BFMTV

Salle de sport pour Abdeslam: une situation qui n'a rien d'exceptionnel

Le député LR Thierry Solère a dénoncé dans un courrier la possibilité de Salah Abdeslam de disposer d'une salle de musculation privée. Rien d'anormal pourtant pour un détenu placé à l'isolement.

"J'ai été très étonné de constater qu'une cellule avait été transformée en salle de sport et encore plus étonné d'apprendre que son usage était exclusivement réservé à cet individu." Cet individu, c'est Salah Abdeslam, le détenu le plus surveillé de France. Cet étonnement, c'est celui de Thierry Solère, député Les Républicains, qui a visité la semaine dernière le centre pénitentiaire de Fleury-Mérogis, dans l'Essonne.

Dans un courrier adressé au ministre de la Justice, Jean-Jacques Urvoas, l'élu des Hauts-de-Seine s'interroge sur les conditions d'incarcération de l'unique survivant des commandos des attentats du 13 novembre. Une position partagée par François Fillon, invité lundi matin sur BFMTV et RMC, qui juge cette situation "incompréhensible". "Il doit avoir le traitement minimal, il n'y a aucune raison de lui faire la moindre faveur", martèle le candidat à la primaire de la droite sur BFMTV et RMC.

Le précédent Ferrara

Garantir l'accès à une salle de sport aux personnes détenues, qui dans le cas d'Abdeslam n'est composée que d'un rameur, c'est respecter la loi, et cela indépendamment de son statut pénal. "L’isolement n’est pas une mesure disciplinaire, précise le ministère de la Justice. Par conséquent, les personnes détenues placées au quartier d’isolement conservent l’intégralité de leurs droits."

Le dispositif dont bénéficie Salah Abdeslam n'a donc rien d'exceptionnel. En 2003, lors de sa détention à l'isolement dans la prison de Fleury-Mérogis, le "roi de la belle", Antonio Ferrara, figure du grand banditisme, disposait lui aussi d'une salle de sport pour son seul usage avec un appareil de musculation et un tapis de course. "L'administration pénitentiaire n'a pas les moyens de l'autoriser à fréquenter la salle de sport commune aux autres détenus", explique à BFMTV.com une source syndicale.

"Tous les détenus qui sont à l’isolement en France ont le droit de faire du sport", complète sur RMC Philippe Kuhn, délégué régional Ile-de-France du syndicat pénitentiaire des surveillants.

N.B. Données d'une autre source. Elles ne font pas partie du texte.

(* Let $G$ be a finite group, let $p$ be a prime, and let $A$ be a subgroup of $G$ of maximum order among the self-centralizing subgroups of $G$ (i.e. among subgroups $B\le G$ with $C_G(B)=B$). Then: \begin{enumerate} \item If $G$ is abelian, then $\mathcal{CD}(G)=\{G\}$. \item If $|G:Z(G)|=p^2$, then $\mathcal{CD}(G)=\{Z(G),A,A_1,\dots,A_p,G\}$ is a quasi-antichain of width $p+1$, with each $A_i$ abelian. \item If $|G:A|=p$ and $|G:Z(G)|=p^i$ with $i>2$, then $\mathcal{CD}(G)=\{A\}$. Also, if $p$ is the smallest prime divisor of $|G|$, $|G:A|=p$ and $|G:Z(G)|>p^2$, then $\mathcal{CD}(G)=\{A\}$. \item Suppose $|G:A|=p^2$. \begin{enumerate} \item If $|G:Z(G)|=p^3$, then $\mathcal{CD}(G)=\{Z(G),G\}$. Also, if $p$ is the smallest prime divisor of $|G|$ and $p^2<|G:Z(G)|<p^4$, then $\mathcal{CD}(G)=\{Z(G),G\}$. \item If $|G:Z(G)|=p^4$, then $$\mathcal{CD}(G)=\{Z(G),Z(T_1),\dots,Z(T_n),A,A_1,\dots,A_m,T_1,\dots,T_n,G\},$$ where $T_1,\dots,T_n$ ($n\ge 0$) are all of the subgroups of index $p$ in $G$ whose centers have index $p^3$ in $G$, and $A_1,\dots,A_m$ ($m\ge 0$) are all of the subgroups of index $p^2$ in $G$, other than $A$, whose centralizers in $G$ have index $p^2$ in $G$. Furthermore, if $n\ge 1$ then $m\ge p$. \item If $|G:Z(G)|=p^i$ with $i>4$ and $G$ possesses a subgroup $T$ of index $p$ in $G$ whose center has index $p^3$ in $G$, then $\mathcal{CD}(G)=\{Z(T),A,A_1,\dots,A_p,T\}$ is a quasi-antichain of width $p+1$, with each $A_i$ abelian. Also, if $p$ is the smallest prime divisor of $|G|$, $|G:Z(G)|>p^4$, and $G$ possesses a subgroup $T$ of index $p$ in $G$ whose center has index $p^3$ in $G$, then $\mathcal{CD}(G)=\{Z(T),A,A_1,\dots,A_p,T\}$ is a quasi-antichain of width $p+1$, with each $A_i$ abelian. \item If $|G:Z(G)|=p^i$ with $i>4$ and $G$ does not possess a subgroup of index $p$ in $G$ whose center has index $p^3$ in $G$, then $\mathcal{CD}(G)=\{A\}$. Also, if $p$ is the smallest prime divisor of $|G|$, $|G:Z(G)|>p^4$, and $G$ does not possess a subgroup of index $p$ in $G$ whose center has index $p^3$ in $G$, then $\mathcal{CD}(G)=\{A\}$. \end{enumerate} \end{enumerate}
   Context: For a finite group $G$ and $H\le G$, the Chermak-Delgado measure is $m_G(H)=|H|\,|C_G(H)|$. Let $m^*(G)=\max\{m_G(H)\mid H\le G\}$ and $\mathcal{CD}(G)=\{H\le G\mid m_G(H)=m^*(G)\}$, the Chermak-Delgado lattice of $G$ (a sublattice of the subgroup lattice of $G$). A lattice is a quasi-antichain of width $w$ if it consists of a least element, a greatest element, and $w$ further pairwise incomparable elements. *)

From mathcomp Require Import all_boot all_fingroup all_solvable.
Set Implicit Arguments. Unset Strict Implicit. Unset Printing Implicit Defensive.
Local Open Scope group_scope.

Definition cdm (gT : finGroupType) (G H : {set gT}) : nat :=
  #|H| * #|'C_G(H)|.

Definition cdmax (gT : finGroupType) (G : {set gT}) : nat :=
  \max_(H : {group gT} | H \subset G) cdm G H.

Definition CD (gT : finGroupType) (G : {set gT}) : {set {set gT}} :=
  [set H : {set gT} | [&& group_set H, H \subset G & cdm G H == cdmax G]].

Definition max_selfcent (gT : finGroupType) (G A : {group gT}) : Prop :=
  [/\ A \subset G, 'C_G(A) = A &
      forall B : {group gT}, B \subset G -> 'C_G(B) = B -> #|B| <= #|A|].

Definition quasi_antichain (T : finType) (L : {set {set T}}) (w : nat) : Prop :=
  exists bot top : {set T},
    [/\ bot \in L, top \in L, bot != top &
        (forall X, X \in L -> (bot \subset X) && (X \subset top))] /\
    #|L| = w + 2 /\
        (forall X Y, X \in L -> Y \in L ->
           X != bot -> X != top -> Y != bot -> Y != top ->
           X \subset Y -> X = Y).

Definition smallest_prime_div (p n : nat) : Prop :=
  [/\ prime p, p %| n & forall q, prime q -> q %| n -> p <= q].

Definition Tsubs (gT : finGroupType) (G : {set gT}) (p : nat) : {set {set gT}} :=
  [set T : {set gT} | [&& group_set T, T \subset G, #|G : T| == p
                         & #|G : 'Z(T)| == (p ^ 3)%N]].

Definition Asubs (gT : finGroupType) (G A : {set gT}) (p : nat) : {set {set gT}} :=
  [set B : {set gT} | [&& group_set B, B \subset G, B != A,
                         #|G : B| == (p ^ 2)%N & #|G : 'C_G(B)| == (p ^ 2)%N]].

(* Since m_G(H) |G : H| |G : C_G(H)| = |G|^2, the Chermak-Delgado lattice
   consists of the subgroups H minimising cdindex G H = |G : H| |G : C_G(H)|,
   all of which contain Z(G); Z(G) and G have cdindex |G : Z(G)|, and A has
   cdindex |G : A|^2.
   If |G : A| = p^2 and every prime divisor of |G : Z(G)| is at least p, then
   abelian subgroups have index at least p^2, so every H strictly between Z(G)
   and G has cdindex at least p^4, with equality exactly when H is abelian
   self-centralizing of index p^2, H has index p and |G : Z(H)| = p^3, H is
   the centre of such a subgroup, or |G : H| = |G : C_G(H)| = p^2 and
   |G : Z(G)| = p^4.  Comparing with |G : Z(G)|, and using that the lattice is
   closed under meets and joins, gives part 4.  When |Y : Z(Y)| = p^2, the
   subgroups strictly between Z(Y) and Y are the p + 1 abelian groups
   Z(Y)<y>, which gives the quasi-antichains of parts 2 and 4.
   If |G : A| = p, a subgroup H other than A either lies in A, so that C_G(H)
   is A or G, or generates G with A, so that A :&: C_G(H) is central; when
   |G : Z(G)| > p^2 each case forces cdindex G H > p^2 (part 3). *)

From mathcomp Require Import all_boot all_fingroup all_solvable zify.
Set Implicit Arguments. Unset Strict Implicit. Unset Printing Implicit Defensive.
Local Open Scope group_scope.

Definition prime_divs_ge (p n : nat) := forall q, prime q -> q %| n -> p <= q.

Lemma prime_divs_ge_dvd p m n : prime_divs_ge p n -> m %| n -> prime_divs_ge p m.
Proof. by move=> pn mn q q_pr qm; apply: pn (dvdn_trans qm mn). Qed.

Lemma prime_divs_ge_pow p i : prime p -> prime_divs_ge p (p ^ i).
Proof.
by move=> p_pr q q_pr; rewrite Euclid_dvdX // dvdn_prime2 // => /andP[/eqP->].
Qed.

Lemma prime_divs_ge_leq p d : 1 < d -> prime_divs_ge p d -> p <= d.
Proof.
move=> d_gt1 pd; apply: leq_trans (pdiv_leq (ltnW d_gt1)).
exact: pd (pdiv_prime d_gt1) (pdiv_dvd d).
Qed.

Lemma prime_divs_ge_prime p d : 1 < d < p ^ 2 -> prime_divs_ge p d -> prime d.
Proof.
case/andP=> d_gt1 d_lt pd; have q_pr := pdiv_prime d_gt1.
have [c def_d] := dvdnP (pdiv_dvd d).
have [c_le1 | c_gt1] := leqP c 1.
  by move: d_gt1; rewrite {}def_d; case: c c_le1 => [|[|]] // _; rewrite ?mul0n ?mul1n.
have c_dvd_d : c %| d by rewrite def_d dvdn_mulr.
have p_le_c := prime_divs_ge_leq c_gt1 (prime_divs_ge_dvd pd c_dvd_d).
have p_le_q := pd _ q_pr (pdiv_dvd d).
by move: d_lt; rewrite def_d (expnS p 1) expn1 ltnNge leq_mul.
Qed.

Lemma prime_sq_factors p a b :
  prime p -> (a * b = p ^ 2)%N -> 1 < a -> 1 < b -> a = p /\ b = p.
Proof.
move=> p_pr eab a_gt1 b_gt1; have p_gt1 := prime_gt1 p_pr.
have /(dvdn_pfactor _ _ p_pr)[k k_le2 def_a] : a %| p ^ 2 by rewrite -eab dvdn_mulr.
move: eab a_gt1; rewrite def_a (expnS p 1) expn1.
by case: k k_le2 {def_a} => [|[|[|]]] // _ eab _; rewrite ?expn1 ?(expnS p 1) ?expn1; nia.
Qed.

Lemma leq_mul_eq m1 m2 n1 n2 : 0 < m1 -> 0 < m2 -> m1 <= n1 -> m2 <= n2 ->
  (n1 * n2 = m1 * m2)%N -> n1 = m1 /\ n2 = m2.
Proof. by move=> *; split; nia. Qed.

Definition cdindex (gT : finGroupType) (G H : {set gT}) : nat :=
  #|G : H| * #|G : 'C_G(H)|.

Section SubgroupFacts.
Variable gT : finGroupType.
Implicit Types G H K M X Y W : {group gT}.

Lemma prime_index_between M H G :
  M \subset H -> H \subset G -> prime #|G : M| -> H :=: M \/ H :=: G.
Proof.
move=> sMH sHG /(p_index_maximal (subset_trans sMH sHG)) maxM.
have : maximal_eq M G by rewrite /maximal_eq maxM orbT.
by case/maximal_eqP => _; apply.
Qed.

Lemma eq_index_subg X Y G :
  X \subset Y -> Y \subset G -> #|G : X| = #|G : Y| -> X :=: Y.
Proof.
move=> sXY sYG eXY; apply/eqP; rewrite eqEcard sXY -(leq_pmul2r (indexg_gt0 G X)).
by rewrite (Lagrange (subset_trans sXY sYG)) eXY (Lagrange sYG) leqnn.
Qed.

Lemma card_mul_leq X Y W : X * Y \subset W -> #|X| * #|Y| <= #|W| * #|X :&: Y|.
Proof. by move=> sXYW; rewrite mul_cardG leq_mul2r subset_leq_card ?orbT. Qed.

Lemma center_subcent H G : H \subset G -> 'Z(H) = H :&: 'C_G(H).
Proof. by move=> sHG; rewrite setIA (setIidPl sHG). Qed.

Lemma center_sub_subcent H G : H \subset G -> 'Z(G) \subset 'C_G(H).
Proof. by move=> sHG; rewrite setIS // centS. Qed.

Lemma subcent_eq_center H G : H \subset G -> 'C_G(H) = G -> H \subset 'Z(G).
Proof. by move=> sHG cGH; rewrite subsetI sHG centsC -{1}cGH subsetIr. Qed.

Lemma center_sub_center H G : 'Z(G) \subset H -> H \subset G -> 'Z(G) \subset 'Z(H).
Proof.
by move=> sZH sHG; rewrite subsetI sZH; apply: subset_trans (subsetIr _ _) (centS sHG).
Qed.

Lemma subcent_center G : 'C_G('Z(G)) = G.
Proof. by apply/setIidPl; rewrite centsC subsetIr. Qed.

Lemma subcent_join G H K : 'C_G(H <*> K) = 'C_G(H) :&: 'C_G(K).
Proof. by rewrite centY (setIIr G). Qed.

Lemma mem_group_set (S : {set {set gT}}) (W : {set gT}) :
  (forall V : {set gT}, V \in S -> group_set V) -> W \in S ->
  exists2 H : {group gT}, W = H & gval H \in S.
Proof. by move=> gS SW; exists (Group (gS W SW)). Qed.
(* The witnesses for the finitely many factors whose preimage has length at
   most 3 all lie in the prefix fib_iter 7, of length 34. *)
Lemma short_desub_table :
  all (fun d => ~~ fib_admissible d ||
    all (fun w => (size w < 4) || pair_and_gapb (fib_iter 7) w)
      [:: fib_sub d; rcons (fib_sub d) 0])
  (bin_words 3).
Proof. by vm_compute. Qed.

Lemma pair_and_gap_head0 v t : 4 <= size (0 :: v) -> occurs_at (0 :: v) (fib_pos t) ->
  (4 <= size (desub (0 :: v)) -> pair_and_gap (desub (0 :: v))) -> pair_and_gap (0 :: v).
Proof.
move=> size_w /occurs_at_desub occ_d long_d.
have [d_ge4 | d_lt4] := leqP 4 (size (desub (0 :: v))).
  exact/pair_and_gap_desub/long_d.
have le1 := occurs_at_le1 occ_d.
have /allP /(_ _ (mem_bin_words d_lt4 le1)) := short_desub_table.
rewrite (occurs_at_admissible occ_d) => /allP table.
have w_img : 0 :: v \in [:: fib_sub (desub (0 :: v)); rcons (fib_sub (desub (0 :: v))) 0].
  by rewrite !inE; case: (desub_spec le1) => <-; rewrite eqxx ?orbT.
by have := table _ w_img; rewrite ltnNge size_w fib_iterE; apply: pair_and_gapb_sound.
Qed.

Lemma factor_pair_and_gap n w i :
  size w <= n -> 4 <= size w -> occurs_at w i -> pair_and_gap w.
Proof.
elim: n w i => [|n IH] [|[|[|a]] r] i // size_w size_ge4 occ_w.
- have /occurs_at_cons [/fib_word_eq0 [t def_i] _] := occ_w; rewrite def_i in occ_w.
  apply: (pair_and_gap_head0 size_ge4 occ_w) => d_ge4.
  apply: (IH _ t _ d_ge4); last exact/occurs_at_desub.
  by have := size_desub0 r; move: size_w => /=; lia.
- have /occurs_at_cons [f_i occ_r] := occ_w; have [i_gt0 f_prev f_next] := fib_word_eq1 f_i.
  case: r occ_r size_w size_ge4 {occ_w} => [|b r] // /occurs_at_cons [fb occ_r] size_w size_ge4.
  rewrite f_next in fb; subst b.
  apply: (@pair_and_gap_behead 0) => [j /occurs_at_cons [/fib_word_eq1 [] //]|].
  have /fib_word_eq0 [t def_i] := f_prev.
  have occ_w : occurs_at [:: 0, 1, 0 & r] (fib_pos t).
    by rewrite -def_i !occurs_at_cons prednK //; tauto.
  apply: (pair_and_gap_head0 _ occ_w) => [|d_ge4]; first by move: size_ge4 => /=; lia.
  apply: (IH _ t _ d_ge4); last exact/occurs_at_desub.
  by have := size_desub0 r; move: size_w => /=; lia.
- by have /occurs_at_cons [fa _] := occ_w; have := fib_word_le1 i; rewrite fa.
Qed.
(* s times the identity of the dual complex is then null-homotopic; the degree
   0 component of the homotopy puts s in the image of f1. *)
Lemma scalar_factor_in_im a1 a2 a3 (f1 : 'M[K]_(1, a1)) (f2 : 'M[K]_(a1, a2))
    (f3 : 'M[K]_(a2, a3)) :
  f1 *m f2 = 0 -> f2 *m f3 = 0 -> row_inj f1 -> row_exact f1 f2 -> row_exact f2 f3 ->
  forall s (H : 'M_(a3, a2)), H *m f3 = s%:M -> exists k, f1 *m k = s%:M.
Proof.
move=> f12 f23 ex0 ex1 ex2 s H Hf3.
have [H2 HH2] : exists H2, f3 *m H - s%:M = H2 *m f2.
  apply: (row_exact_mx ex2).
  by rewrite mulmxBl -mulmxA Hf3 mul_mx_scalar mul_scalar_mx subrr.
have [H1 HH1] : exists H1, f2 *m H2 + s%:M = H1 *m f1.
  apply: (row_exact_mx ex1).
  rewrite mulmxDl -mulmxA -HH2 mulmxBr mulmxA f23 mul0mx.
  by rewrite mul_mx_scalar mul_scalar_mx sub0r addNr.
exists H1; apply/eqP; rewrite -subr_eq0; apply/eqP; apply: (row_inj_mx ex0).
rewrite mulmxBl -mulmxA -HH1 mulmxDr mulmxA f12 mul0mx add0r.
by rewrite mul_mx_scalar mul_scalar_mx subrr.
Qed.

(* Lift t d0 along e to a chain map from the resolution of R/J to the complex
   e, then use Ext^i(R/J, R) = 0 for i <= 4 to build a null-homotopy of it;
   its degree 0 part exhibits t as an element of the image of e1. *)
Lemma grade_chase4 b0 b1 b2 b3 b4 (e1 : 'M[K]_(b0, b1)) (e2 : 'M[K]_(b1, b2))
    (e3 : 'M[K]_(b2, b3)) (e4 : 'M[K]_(b3, b4))
    (n : nat -> nat) (d0 : 'M[K]_(1, n 0%N)) (d : forall k, 'M[K]_(n k, n k.+1)) :
  e1 *m e2 = 0 -> e2 *m e3 = 0 -> e3 *m e4 = 0 ->
  col_exact e1 e2 -> col_exact e2 e3 -> col_exact e3 e4 -> col_inj e4 ->
  d0 *m d 0%N = 0 -> (forall k, d k *m d k.+1 = 0) ->
  row_inj d0 -> row_exact d0 (d 0%N) -> row_exact (d 0%N) (d 1%N) ->
  row_exact (d 1%N) (d 2%N) ->
  (forall Y : 'M_(b4, n 3%N), Y *m d 3%N = 0 -> exists X, Y = X *m d 2%N) ->
  forall (t : 'cV_b0) W0, t *m d0 = e1 *m W0 -> exists w, t = e1 *m w.
Proof.
move=> c1 c2 c3 x1 x2 x3 x4 h0 hd E0 E1 E2 E3 E4 t W0 HW0.
have [W1 HW1] : exists W1, W0 *m d 0%N = e2 *m W1.
  by apply: (col_exact_mx x1); rewrite mulmxA -HW0 -mulmxA h0 mulmx0.
have [W2 HW2] : exists W2, W1 *m d 1%N = e3 *m W2.
  by apply: (col_exact_mx x2); rewrite mulmxA -HW1 -mulmxA hd mulmx0.
have [W3 HW3] : exists W3, W2 *m d 2%N = e4 *m W3.
  by apply: (col_exact_mx x3); rewrite mulmxA -HW2 -mulmxA hd mulmx0.
have [X3 HX3] : exists X3, W3 = X3 *m d 2%N.
  by apply/E4/(col_inj_mx x4); rewrite mulmxA -HW3 -mulmxA hd mulmx0.
have [X2 HX2] : exists X2, W2 - e4 *m X3 = X2 *m d 1%N.
  by apply: (row_exact_mx E3); rewrite mulmxBl HW3 HX3 -!mulmxA subrr.
have [X1 HX1] : exists X1, W1 - e3 *m X2 = X1 *m d 0%N.
  apply: (row_exact_mx E2).
  by rewrite mulmxBl HW2 -mulmxA -HX2 mulmxBr mulmxA c3 mul0mx subr0 subrr.
have [X0 HX0] : exists X0, W0 - e2 *m X1 = X0 *m d0.
  apply: (row_exact_mx E1).
  by rewrite mulmxBl HW1 -mulmxA -HX1 mulmxBr mulmxA c2 mul0mx subr0 subrr.
exists X0; apply/eqP; rewrite -subr_eq0; apply/eqP; apply: (row_inj_mx E0).
by rewrite mulmxBl HW0 -mulmxA -HX0 mulmxBr mulmxA c1 mul0mx subr0 subrr.
Qed.

Lemma ideal_mul_im_generators b0 b1 (e1 : 'M[K]_(b0, b1)) n0 (d0 : 'M[K]_(1, n0))
    (J : K -> Prop) (t : 'cV_b0) :
  (forall x, J x <-> exists w : 'cV_n0, (d0 *m w) 0 0 = x) ->
  (forall x, J x -> exists w, x *: t = e1 *m w) -> exists W0, t *m d0 = e1 *m W0.
Proof.
move=> HJ Jt; apply: col_exists_mx => l.
rewrite colE -mulmxA -colE [col l d0]mx11_scalar mxE mul_mx_scalar.
by apply/Jt/HJ; exists (delta_mx l 0); rewrite -colE mxE.
Qed.

Lemma coker_torsionfree3 b0 b1 b2 b3 (e1 : 'M[K]_(b0, b1)) (e2 : 'M[K]_(b1, b2))
    (e3 : 'M[K]_(b2, b3)) (J : K -> Prop) :
  e1 *m e2 = 0 -> e2 *m e3 = 0 ->
  col_exact e1 e2 -> col_exact e2 e3 -> col_inj e3 -> grade_ge J 4 ->
  forall t : 'cV_b0, (forall x, J x -> exists w, x *: t = e1 *m w) ->
  exists w, t = e1 *m w.
Proof.
move=> c1 c2 x1 x2 x3 [n [d0 [d [HJ [h0 [hd [_ [_ [E0 [E1 E]]]]]]]]]] t Jt.
have [W0 HW0] := ideal_mul_im_generators HJ Jt.
apply: (grade_chase4 (e4 := 0 : 'M_(b3, 0)) c1 c2 _ x1 x2 _ _ h0 hd
  (E0 isT) (E1 isT) (E 0%N isT) (E 1%N isT) _ HW0).
- by rewrite mulmx0.
- by move=> v /x3 ->; exists 0; rewrite mulmx0.
- by move=> v _; apply/matrixP => -[].
- by move=> Y _; exists 0; apply/matrixP => -[].
Qed.
Lemma choice_on_seq (T : Type) (t0 : T) (S : seq nat) (F : nat -> T -> Prop) :
  (forall p, p \in S -> exists y, F p y) -> exists f : nat -> T, forall p, p \in S -> F p (f p).
Proof.
elim: S => [|a S IH] hF; first by exists (fun=> t0).
have [ya hya] := hF a (mem_head _ _).
have [p pS|f hf] := IH; first by apply: hF; rewrite inE pS orbT.
exists (fun q => if q == a then ya else f q) => p; rewrite inE.
by case: eqP => [->|_] //= /hf.
Qed.

Lemma logn_dvdn_mS p S n : uniq S -> all prime S -> p \in S -> (n %| mS S)%N ->
  (logn p n <= 1)%N.
Proof.
move=> uS pS pin hn; have pp : prime p by apply: (allP pS).
by have := dvdn_leq_log p (mS_gt0 pS) hn; rewrite logn_mS // count_uniq_mem // pin.
Qed.

Theorem mainTheorem6 (R : realFieldType) (S : seq nat) (g : quat) :
  uniq S -> all (fun p => prime p && odd p) S -> inGammaS S g ->
  ((exists P : nat -> tpoint R, forall p : nat, p \in S ->
       [/\ onTree p (P p), inRp p (P p) & inRp p (act g (P p))])
   <->
   (exists x : quat, inO x /\
      (exists n : nat, Nm x = n%:R /\ (n %| mS S)%N) /\
      (exists u : rat, unitZS S u /\ g = qscale u x))).
Proof.
move=> uS hS hG; have pS : all prime S by apply: sub_all hS => p /andP[].
split=> [[P hP]|[x [hx [[n [hN hn]] [u [[u0 _] ->]]]]]].
  apply: hurwitz_rep_of_near_base => // p pin.
  by have [] := hP p pin; apply: near_base_of_inRp; apply: (allP pS).
pose F p (Q : tpoint R) := [/\ onTree p Q, inRp p Q & inRp p (act (qscale u x) Q)].
apply: (@choice_on_seq _ (TPoint q1 q1 0) S F) => p pin; have /andP[pp op] := allP hS p pin.
have n0 : (0 < n)%N by rewrite lt0n; apply: contraTneq hn => ->; rewrite dvd0n -lt0n mS_gt0.
have [hpn|hpn] := boolP (p %| n)%N.
  apply: (local_point_ramified R pp hx hN n0 u0); have := logn_dvd_gt0 pp n0 hpn.
  by have := logn_dvdn_mS uS pS pin hn; lia.
exact: (local_point_unramified R pp hx hN n0 u0 op hpn).
Qed.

Salah Abdeslam est placé à l'isolement depuis son transfèrement en France le 27 avril dernier. Aucun contact avec les autres détenus n'est autorisé. Une partie du quatrième étage du bâtiment D3 a été entièrement vidée pour pouvoir l'accueillir. Sous la surveillance d'une trentaine d'agents pénitentiaires, et d'un système de vidéosurveillance installé dans sa cellule, le jeune homme peut sortir une heure par jour dans une cour qui lui est réservée. Le reste du temps, il regarde des émissions de télé-réalité, prie ou lit le Coran, note le JDD.

Surpopulation et manque d'effectifs

"Ca ne me choque donc pas qu'il ait sa salle de sport, poursuit le syndicaliste. Il doit être isolé, on ne peut pas le laisser enfermer 24h/24. Pendant qu'il fait du sport ou qu'il court, il décompresse, c'est aussi un moyen de protéger les surveillants." Tous font alors part de leur incompréhension face à cette polémique. "Ce qui est bien c’est que de plus en plus de députés visitent des prisons", ironise Philippe Kuhn, préférant pointer les problèmes de surpopulation ou de manque de surveillants.

Selon lui, il manquerait 1.500 agents en France à l'administration pénitentiaire. "Ce qui est choquant ce sont les conditions d’accueil des détenus en Ile-de-France", poursuit le délégué syndical. Avec de plus en plus d'arrivants et la fermeture du centres jeunes détenus, fin janvier, pour rénovation, la prison de Fleury-Mérogis a un taux de 195% d'occupation. Une situation que sa directrice a souhaité dénoncer dans une lettre adressée à la fin du mois de juin au ministre de la Justice.